Data section start
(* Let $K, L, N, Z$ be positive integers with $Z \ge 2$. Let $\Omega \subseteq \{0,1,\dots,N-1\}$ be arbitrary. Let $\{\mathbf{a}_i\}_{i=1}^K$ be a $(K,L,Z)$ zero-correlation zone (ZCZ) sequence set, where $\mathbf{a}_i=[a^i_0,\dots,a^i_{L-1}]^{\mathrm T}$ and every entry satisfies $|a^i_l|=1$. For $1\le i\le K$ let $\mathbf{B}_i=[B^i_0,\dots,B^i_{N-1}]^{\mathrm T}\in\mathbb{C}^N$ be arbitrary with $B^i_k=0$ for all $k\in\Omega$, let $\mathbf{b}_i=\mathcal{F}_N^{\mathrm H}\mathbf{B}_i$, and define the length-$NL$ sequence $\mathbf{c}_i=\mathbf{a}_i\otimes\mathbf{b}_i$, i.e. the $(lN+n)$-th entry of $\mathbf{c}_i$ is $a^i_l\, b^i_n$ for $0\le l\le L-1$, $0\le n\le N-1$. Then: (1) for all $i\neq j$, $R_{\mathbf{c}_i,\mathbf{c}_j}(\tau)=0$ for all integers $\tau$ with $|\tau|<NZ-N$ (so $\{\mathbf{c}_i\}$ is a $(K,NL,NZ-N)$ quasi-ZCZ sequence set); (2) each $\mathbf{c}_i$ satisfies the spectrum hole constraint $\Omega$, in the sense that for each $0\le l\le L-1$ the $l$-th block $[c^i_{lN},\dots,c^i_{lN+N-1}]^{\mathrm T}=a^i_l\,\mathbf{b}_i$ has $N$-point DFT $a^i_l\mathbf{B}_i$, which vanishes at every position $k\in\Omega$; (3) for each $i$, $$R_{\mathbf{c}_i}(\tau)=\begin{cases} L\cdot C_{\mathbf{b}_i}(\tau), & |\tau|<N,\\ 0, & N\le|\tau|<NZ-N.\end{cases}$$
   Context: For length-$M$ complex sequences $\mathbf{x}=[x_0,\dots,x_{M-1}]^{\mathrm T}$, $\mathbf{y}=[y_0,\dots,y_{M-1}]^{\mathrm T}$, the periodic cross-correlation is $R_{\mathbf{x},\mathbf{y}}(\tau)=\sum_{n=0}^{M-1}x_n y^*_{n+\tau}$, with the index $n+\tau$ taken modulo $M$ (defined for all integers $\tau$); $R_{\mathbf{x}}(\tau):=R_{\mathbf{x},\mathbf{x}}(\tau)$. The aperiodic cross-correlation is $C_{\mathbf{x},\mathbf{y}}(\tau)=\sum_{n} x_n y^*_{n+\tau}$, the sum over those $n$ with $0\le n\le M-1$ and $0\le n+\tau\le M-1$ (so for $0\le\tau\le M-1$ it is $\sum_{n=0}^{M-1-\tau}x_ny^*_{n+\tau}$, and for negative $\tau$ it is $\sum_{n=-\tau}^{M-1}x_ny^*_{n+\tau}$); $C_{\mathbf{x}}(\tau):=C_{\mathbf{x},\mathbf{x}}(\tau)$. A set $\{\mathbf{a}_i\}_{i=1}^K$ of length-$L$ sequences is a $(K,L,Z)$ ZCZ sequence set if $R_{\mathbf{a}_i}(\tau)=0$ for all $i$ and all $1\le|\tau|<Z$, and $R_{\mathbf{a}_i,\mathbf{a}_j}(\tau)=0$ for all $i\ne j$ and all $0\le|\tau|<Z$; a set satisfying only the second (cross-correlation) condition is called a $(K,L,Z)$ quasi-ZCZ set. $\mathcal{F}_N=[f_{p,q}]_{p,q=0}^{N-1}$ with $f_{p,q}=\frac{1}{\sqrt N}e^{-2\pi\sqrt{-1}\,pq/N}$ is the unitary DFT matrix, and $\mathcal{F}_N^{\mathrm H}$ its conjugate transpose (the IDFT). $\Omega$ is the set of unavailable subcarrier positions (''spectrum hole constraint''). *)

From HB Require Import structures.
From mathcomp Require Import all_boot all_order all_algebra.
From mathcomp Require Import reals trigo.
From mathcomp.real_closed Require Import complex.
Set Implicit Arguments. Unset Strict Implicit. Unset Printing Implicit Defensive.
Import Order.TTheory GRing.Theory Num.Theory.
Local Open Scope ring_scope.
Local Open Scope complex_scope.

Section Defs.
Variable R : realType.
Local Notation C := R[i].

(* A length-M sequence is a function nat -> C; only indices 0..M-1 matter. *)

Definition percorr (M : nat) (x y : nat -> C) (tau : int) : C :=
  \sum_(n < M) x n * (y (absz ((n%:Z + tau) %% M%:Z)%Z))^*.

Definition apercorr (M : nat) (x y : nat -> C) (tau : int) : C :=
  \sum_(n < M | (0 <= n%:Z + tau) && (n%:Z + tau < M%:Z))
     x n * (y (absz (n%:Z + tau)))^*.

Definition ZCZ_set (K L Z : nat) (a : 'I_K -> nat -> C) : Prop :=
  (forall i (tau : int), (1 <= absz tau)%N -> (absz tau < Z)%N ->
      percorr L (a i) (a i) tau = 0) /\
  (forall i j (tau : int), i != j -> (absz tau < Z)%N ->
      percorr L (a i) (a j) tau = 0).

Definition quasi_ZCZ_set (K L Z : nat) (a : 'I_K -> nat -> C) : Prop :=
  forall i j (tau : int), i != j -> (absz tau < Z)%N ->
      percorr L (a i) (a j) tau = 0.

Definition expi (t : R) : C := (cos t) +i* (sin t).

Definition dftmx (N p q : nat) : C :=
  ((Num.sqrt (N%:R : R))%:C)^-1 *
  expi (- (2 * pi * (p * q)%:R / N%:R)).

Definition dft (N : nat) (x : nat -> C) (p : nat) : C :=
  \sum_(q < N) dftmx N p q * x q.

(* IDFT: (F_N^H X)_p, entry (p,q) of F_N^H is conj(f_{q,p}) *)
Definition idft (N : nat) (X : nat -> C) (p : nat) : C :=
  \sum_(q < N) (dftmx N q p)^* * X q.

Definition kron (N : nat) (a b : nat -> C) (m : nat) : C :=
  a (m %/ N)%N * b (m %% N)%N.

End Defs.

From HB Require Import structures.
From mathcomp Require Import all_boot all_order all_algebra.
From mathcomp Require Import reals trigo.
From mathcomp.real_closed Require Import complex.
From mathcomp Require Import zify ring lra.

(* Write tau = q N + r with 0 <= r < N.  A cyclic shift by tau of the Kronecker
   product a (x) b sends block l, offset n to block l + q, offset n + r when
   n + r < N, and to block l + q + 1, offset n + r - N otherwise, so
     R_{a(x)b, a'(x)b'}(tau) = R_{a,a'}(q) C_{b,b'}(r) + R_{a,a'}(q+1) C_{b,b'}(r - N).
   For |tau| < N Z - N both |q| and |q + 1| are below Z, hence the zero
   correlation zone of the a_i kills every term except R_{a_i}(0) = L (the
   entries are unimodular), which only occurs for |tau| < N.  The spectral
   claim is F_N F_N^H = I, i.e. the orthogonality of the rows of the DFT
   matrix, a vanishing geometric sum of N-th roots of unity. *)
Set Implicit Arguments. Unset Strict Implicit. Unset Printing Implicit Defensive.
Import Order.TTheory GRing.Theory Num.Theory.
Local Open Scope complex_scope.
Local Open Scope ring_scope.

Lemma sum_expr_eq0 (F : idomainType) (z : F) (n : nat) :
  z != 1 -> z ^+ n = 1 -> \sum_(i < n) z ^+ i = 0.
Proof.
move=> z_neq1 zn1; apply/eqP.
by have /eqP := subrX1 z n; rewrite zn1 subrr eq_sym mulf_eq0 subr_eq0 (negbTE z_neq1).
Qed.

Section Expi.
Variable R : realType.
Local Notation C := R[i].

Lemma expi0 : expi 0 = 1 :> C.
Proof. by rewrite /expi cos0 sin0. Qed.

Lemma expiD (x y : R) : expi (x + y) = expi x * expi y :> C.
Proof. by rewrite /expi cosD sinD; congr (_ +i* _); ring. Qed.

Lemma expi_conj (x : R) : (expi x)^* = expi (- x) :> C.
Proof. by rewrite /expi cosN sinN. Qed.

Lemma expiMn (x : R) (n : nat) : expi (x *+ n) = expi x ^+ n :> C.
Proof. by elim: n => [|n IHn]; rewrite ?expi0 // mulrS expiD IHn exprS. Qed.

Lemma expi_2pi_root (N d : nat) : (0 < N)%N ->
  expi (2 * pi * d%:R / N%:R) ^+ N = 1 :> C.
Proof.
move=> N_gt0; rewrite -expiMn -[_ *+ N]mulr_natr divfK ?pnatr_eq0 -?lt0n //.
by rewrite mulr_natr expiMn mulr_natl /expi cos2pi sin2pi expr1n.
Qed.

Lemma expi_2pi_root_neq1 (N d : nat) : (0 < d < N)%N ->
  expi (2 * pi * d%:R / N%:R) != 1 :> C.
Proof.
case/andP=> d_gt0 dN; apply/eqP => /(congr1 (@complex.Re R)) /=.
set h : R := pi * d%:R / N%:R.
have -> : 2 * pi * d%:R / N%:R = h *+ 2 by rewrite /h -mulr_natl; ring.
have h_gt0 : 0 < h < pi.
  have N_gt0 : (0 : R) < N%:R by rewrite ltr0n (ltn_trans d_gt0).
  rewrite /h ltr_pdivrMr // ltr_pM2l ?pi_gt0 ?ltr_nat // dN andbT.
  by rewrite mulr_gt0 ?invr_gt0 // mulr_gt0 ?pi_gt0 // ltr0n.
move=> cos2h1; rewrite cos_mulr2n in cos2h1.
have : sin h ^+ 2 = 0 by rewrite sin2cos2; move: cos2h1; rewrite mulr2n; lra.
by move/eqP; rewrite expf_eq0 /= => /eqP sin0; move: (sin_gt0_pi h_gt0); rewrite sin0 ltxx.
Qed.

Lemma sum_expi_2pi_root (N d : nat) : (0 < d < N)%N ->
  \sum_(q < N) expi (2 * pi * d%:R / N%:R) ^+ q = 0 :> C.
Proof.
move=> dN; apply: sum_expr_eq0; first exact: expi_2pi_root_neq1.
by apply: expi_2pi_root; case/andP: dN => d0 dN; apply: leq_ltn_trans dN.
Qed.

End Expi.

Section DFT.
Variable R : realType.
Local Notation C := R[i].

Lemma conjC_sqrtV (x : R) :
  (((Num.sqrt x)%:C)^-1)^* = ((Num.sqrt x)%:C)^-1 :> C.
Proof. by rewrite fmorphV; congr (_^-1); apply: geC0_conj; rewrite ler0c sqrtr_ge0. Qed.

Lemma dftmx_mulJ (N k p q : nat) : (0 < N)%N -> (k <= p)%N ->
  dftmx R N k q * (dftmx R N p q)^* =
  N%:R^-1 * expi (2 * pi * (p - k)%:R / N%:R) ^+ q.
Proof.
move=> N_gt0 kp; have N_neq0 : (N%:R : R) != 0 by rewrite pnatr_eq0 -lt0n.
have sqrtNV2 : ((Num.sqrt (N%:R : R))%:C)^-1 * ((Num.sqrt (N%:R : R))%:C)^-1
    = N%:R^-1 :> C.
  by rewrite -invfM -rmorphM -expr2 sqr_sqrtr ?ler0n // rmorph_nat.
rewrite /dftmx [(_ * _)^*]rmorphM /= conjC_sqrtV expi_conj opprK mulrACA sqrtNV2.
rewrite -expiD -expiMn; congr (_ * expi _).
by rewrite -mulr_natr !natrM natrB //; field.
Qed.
Data section end
Data section start
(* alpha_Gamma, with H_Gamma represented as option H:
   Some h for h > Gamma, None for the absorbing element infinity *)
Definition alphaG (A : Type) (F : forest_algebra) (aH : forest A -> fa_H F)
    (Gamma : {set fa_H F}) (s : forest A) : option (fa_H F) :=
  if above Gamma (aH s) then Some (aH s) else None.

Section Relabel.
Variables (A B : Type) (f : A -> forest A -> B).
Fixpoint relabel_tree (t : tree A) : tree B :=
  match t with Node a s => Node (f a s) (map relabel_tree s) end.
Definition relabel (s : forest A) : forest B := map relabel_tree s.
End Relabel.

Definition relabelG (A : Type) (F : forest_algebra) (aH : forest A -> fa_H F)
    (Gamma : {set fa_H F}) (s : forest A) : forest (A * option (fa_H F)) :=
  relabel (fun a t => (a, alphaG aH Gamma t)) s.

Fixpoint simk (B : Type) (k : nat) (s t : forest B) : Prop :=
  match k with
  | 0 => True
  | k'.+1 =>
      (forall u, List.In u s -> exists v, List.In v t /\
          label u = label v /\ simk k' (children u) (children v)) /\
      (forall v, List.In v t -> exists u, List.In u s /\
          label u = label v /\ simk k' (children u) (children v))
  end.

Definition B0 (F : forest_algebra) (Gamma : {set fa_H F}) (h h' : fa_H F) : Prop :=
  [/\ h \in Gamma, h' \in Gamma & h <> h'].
Data section end
Data section start
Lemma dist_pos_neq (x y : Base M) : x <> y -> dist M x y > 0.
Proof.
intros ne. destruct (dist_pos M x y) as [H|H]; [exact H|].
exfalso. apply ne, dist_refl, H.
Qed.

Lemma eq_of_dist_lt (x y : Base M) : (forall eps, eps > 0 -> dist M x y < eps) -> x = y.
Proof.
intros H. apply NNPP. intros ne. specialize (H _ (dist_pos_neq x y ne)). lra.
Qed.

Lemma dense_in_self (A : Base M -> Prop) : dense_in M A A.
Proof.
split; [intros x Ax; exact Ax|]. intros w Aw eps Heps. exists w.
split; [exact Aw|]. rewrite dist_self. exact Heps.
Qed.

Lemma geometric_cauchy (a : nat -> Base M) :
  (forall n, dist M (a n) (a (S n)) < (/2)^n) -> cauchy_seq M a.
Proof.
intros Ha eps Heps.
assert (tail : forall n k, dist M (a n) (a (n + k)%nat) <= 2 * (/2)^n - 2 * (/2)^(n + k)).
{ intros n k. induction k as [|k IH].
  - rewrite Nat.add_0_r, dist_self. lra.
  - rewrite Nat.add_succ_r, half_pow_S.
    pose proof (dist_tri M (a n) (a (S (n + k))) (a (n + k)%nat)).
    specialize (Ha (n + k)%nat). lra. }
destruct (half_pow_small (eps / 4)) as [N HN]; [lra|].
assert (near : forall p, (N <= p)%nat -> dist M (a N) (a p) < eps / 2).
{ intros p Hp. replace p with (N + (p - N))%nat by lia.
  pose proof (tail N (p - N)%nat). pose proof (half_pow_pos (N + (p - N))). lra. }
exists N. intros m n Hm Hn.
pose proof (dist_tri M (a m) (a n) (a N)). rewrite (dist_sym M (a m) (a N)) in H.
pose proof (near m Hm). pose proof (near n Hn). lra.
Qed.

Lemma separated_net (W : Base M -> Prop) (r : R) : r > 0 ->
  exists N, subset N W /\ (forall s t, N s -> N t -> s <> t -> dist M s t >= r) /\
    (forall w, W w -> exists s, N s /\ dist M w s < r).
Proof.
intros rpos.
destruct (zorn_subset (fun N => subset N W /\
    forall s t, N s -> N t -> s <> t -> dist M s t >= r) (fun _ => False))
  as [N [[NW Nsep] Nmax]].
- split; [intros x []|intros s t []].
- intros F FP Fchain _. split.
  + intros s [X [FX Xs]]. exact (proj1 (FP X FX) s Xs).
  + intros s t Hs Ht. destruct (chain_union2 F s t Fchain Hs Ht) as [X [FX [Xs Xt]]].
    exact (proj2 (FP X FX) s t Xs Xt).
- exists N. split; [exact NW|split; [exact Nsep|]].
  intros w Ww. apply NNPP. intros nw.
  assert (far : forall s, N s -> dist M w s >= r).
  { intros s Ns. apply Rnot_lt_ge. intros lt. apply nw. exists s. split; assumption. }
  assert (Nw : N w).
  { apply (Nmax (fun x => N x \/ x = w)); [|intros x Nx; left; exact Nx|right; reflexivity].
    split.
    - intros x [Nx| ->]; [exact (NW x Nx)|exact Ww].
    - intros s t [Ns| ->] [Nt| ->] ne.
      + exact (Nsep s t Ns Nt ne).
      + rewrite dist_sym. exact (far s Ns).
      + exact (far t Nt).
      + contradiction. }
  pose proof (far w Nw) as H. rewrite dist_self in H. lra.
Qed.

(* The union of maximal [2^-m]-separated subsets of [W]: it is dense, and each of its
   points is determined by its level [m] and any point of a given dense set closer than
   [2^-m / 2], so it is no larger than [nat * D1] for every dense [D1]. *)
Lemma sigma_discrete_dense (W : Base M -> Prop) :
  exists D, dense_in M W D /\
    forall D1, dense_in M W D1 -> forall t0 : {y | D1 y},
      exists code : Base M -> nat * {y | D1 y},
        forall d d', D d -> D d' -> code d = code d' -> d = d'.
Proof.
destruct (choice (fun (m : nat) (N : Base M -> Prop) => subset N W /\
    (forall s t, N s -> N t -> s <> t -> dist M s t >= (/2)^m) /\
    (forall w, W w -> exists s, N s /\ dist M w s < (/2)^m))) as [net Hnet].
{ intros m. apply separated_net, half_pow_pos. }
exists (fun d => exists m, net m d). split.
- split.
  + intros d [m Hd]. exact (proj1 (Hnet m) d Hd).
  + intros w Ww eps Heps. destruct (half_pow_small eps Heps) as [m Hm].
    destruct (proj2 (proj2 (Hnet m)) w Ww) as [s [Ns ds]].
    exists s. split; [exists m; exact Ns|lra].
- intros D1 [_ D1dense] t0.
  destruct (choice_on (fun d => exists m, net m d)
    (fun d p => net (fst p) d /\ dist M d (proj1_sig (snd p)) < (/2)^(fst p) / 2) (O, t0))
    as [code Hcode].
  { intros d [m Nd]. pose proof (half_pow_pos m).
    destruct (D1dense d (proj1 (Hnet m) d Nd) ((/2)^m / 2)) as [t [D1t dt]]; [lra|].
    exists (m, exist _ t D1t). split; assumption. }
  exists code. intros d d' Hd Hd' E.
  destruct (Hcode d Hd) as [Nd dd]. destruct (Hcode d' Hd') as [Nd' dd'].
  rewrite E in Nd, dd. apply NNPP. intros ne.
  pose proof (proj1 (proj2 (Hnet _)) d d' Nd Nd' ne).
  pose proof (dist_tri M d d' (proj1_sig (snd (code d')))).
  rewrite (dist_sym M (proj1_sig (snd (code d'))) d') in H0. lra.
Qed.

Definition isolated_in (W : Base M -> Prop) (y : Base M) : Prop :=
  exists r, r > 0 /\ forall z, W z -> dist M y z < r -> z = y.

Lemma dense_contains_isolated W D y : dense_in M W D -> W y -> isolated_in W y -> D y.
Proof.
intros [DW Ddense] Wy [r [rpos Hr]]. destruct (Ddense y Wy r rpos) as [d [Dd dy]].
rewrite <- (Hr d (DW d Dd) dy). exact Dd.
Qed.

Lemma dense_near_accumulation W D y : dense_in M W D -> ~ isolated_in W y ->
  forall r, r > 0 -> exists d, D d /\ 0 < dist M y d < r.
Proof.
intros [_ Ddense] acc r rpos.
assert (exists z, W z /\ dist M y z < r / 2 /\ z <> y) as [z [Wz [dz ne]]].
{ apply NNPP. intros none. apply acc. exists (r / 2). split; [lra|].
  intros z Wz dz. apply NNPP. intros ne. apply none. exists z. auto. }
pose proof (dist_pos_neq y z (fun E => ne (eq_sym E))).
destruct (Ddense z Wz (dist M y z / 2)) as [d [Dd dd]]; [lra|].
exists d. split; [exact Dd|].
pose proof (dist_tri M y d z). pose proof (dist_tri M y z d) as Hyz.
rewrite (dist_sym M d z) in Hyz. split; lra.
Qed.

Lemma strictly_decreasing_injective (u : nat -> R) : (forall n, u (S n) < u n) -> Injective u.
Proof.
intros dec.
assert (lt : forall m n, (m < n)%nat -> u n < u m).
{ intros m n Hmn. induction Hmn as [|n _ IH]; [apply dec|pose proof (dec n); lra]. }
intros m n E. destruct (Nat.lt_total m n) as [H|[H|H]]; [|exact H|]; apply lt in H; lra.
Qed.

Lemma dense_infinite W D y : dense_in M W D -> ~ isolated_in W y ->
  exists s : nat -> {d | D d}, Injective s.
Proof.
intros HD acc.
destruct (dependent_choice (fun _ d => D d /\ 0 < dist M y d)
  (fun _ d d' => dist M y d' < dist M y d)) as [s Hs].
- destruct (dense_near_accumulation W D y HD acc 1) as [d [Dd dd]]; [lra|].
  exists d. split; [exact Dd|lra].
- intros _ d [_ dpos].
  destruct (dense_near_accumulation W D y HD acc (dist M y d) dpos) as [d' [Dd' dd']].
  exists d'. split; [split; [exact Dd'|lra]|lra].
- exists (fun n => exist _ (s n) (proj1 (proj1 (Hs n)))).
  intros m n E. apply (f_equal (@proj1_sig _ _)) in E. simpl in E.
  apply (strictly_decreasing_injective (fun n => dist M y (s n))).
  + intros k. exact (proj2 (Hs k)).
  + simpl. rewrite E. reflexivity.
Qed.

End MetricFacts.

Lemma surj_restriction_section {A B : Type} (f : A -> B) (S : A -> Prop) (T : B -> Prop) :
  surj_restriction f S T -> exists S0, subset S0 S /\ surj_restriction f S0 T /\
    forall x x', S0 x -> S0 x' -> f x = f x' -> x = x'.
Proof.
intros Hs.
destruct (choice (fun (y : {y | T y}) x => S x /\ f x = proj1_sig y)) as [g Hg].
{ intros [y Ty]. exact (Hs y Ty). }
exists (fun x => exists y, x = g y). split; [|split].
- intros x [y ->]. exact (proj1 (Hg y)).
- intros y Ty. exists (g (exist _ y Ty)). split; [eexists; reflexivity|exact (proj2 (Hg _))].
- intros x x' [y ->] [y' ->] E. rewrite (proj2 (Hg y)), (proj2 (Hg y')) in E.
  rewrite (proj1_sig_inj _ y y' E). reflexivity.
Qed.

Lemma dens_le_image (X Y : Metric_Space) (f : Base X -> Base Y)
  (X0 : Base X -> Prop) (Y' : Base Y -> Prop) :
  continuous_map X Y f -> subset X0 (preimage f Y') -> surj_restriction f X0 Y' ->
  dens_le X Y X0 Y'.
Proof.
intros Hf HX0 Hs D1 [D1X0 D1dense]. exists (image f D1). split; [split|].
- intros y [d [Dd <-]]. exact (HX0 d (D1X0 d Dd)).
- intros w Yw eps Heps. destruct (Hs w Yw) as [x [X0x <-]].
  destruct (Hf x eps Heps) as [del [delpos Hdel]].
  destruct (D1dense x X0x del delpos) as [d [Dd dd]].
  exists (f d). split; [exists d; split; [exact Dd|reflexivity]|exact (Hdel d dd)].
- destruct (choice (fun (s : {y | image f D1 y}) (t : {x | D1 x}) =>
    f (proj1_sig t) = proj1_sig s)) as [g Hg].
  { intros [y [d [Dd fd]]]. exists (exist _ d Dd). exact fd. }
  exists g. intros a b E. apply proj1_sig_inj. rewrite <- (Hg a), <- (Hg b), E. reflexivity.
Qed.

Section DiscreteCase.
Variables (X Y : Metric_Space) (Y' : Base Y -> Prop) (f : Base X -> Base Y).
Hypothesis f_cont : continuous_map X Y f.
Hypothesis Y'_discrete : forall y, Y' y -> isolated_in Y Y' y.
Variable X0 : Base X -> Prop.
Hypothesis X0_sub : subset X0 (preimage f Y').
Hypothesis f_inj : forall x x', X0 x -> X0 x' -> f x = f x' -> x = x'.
Data section end
Assignment
Go through the records and pull out each line that includes the word "expiD".

Answer box
Lemma expiD (x y : R) : expi (x + y) = expi x * expi y :> C.
Proof. by elim: n => [|n IHn]; rewrite ?expi0 // mulrS expiD IHn exprS. Qed.
rewrite -expiD -expiMn; congr (_ * expi _).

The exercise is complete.